*** Dataset records ***

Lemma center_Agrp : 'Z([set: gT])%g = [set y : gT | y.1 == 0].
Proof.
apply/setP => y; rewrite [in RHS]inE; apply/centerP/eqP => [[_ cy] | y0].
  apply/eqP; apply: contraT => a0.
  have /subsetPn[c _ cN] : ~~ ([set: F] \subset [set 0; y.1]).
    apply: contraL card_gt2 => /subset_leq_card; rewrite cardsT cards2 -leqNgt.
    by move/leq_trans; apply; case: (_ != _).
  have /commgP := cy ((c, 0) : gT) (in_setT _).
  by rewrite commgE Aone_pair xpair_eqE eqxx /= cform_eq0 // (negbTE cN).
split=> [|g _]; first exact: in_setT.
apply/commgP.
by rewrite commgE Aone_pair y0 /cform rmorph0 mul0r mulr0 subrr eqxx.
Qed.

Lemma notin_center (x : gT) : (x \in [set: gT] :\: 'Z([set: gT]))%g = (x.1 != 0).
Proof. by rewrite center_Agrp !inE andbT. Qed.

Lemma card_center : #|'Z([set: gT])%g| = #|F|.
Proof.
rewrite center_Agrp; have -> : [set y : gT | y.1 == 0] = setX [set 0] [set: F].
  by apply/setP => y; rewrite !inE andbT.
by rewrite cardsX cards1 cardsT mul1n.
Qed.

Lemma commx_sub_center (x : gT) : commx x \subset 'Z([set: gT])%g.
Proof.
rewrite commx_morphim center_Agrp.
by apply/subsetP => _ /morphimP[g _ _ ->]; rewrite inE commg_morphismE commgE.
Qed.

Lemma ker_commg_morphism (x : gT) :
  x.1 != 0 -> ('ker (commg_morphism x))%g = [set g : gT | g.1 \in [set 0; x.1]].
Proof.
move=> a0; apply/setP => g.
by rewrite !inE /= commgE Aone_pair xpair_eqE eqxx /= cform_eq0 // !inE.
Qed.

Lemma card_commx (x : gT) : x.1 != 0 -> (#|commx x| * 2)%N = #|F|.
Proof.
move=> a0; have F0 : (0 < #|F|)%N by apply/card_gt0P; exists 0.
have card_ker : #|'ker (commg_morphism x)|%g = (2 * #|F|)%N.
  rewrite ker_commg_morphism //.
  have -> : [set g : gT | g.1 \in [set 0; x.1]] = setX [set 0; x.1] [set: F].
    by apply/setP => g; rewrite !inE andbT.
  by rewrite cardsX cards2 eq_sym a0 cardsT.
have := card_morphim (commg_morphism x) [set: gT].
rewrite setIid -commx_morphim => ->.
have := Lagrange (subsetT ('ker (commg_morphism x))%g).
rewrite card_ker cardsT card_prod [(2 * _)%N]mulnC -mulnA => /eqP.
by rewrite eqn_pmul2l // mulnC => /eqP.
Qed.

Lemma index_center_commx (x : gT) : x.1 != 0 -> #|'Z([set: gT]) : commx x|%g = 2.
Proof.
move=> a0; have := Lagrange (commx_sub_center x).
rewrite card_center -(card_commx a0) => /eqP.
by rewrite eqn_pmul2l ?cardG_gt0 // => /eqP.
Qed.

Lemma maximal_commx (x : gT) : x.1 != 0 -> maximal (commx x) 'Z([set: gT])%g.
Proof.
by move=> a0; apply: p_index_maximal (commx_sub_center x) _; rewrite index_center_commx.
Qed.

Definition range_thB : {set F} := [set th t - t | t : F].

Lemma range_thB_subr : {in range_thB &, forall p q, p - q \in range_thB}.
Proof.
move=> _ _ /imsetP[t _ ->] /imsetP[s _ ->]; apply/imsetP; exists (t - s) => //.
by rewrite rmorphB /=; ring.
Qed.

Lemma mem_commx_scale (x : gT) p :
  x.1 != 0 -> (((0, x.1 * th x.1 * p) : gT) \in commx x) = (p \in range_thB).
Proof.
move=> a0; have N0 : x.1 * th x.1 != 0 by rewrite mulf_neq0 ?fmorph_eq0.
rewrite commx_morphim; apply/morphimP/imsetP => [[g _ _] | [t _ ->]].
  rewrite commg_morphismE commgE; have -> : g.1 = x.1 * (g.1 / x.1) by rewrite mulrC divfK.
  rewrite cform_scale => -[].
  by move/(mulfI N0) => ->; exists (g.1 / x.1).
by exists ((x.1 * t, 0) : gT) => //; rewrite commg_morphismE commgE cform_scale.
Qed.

*** End of Dataset records ***

- Work order: Reproduce the entries exactly, starting at their first line and stopping after the line with "have /commgP := cy".

- Exercise output:
Lemma center_Agrp : 'Z([set: gT])%g = [set y : gT | y.1 == 0].
Proof.
apply/setP => y; rewrite [in RHS]inE; apply/centerP/eqP => [[_ cy] | y0].
  apply/eqP; apply: contraT => a0.
  have /subsetPn[c _ cN] : ~~ ([set: F] \subset [set 0; y.1]).
    apply: contraL card_gt2 => /subset_leq_card; rewrite cardsT cards2 -leqNgt.
    by move/leq_trans; apply; case: (_ != _).
  have /commgP := cy ((c, 0) : gT) (in_setT _).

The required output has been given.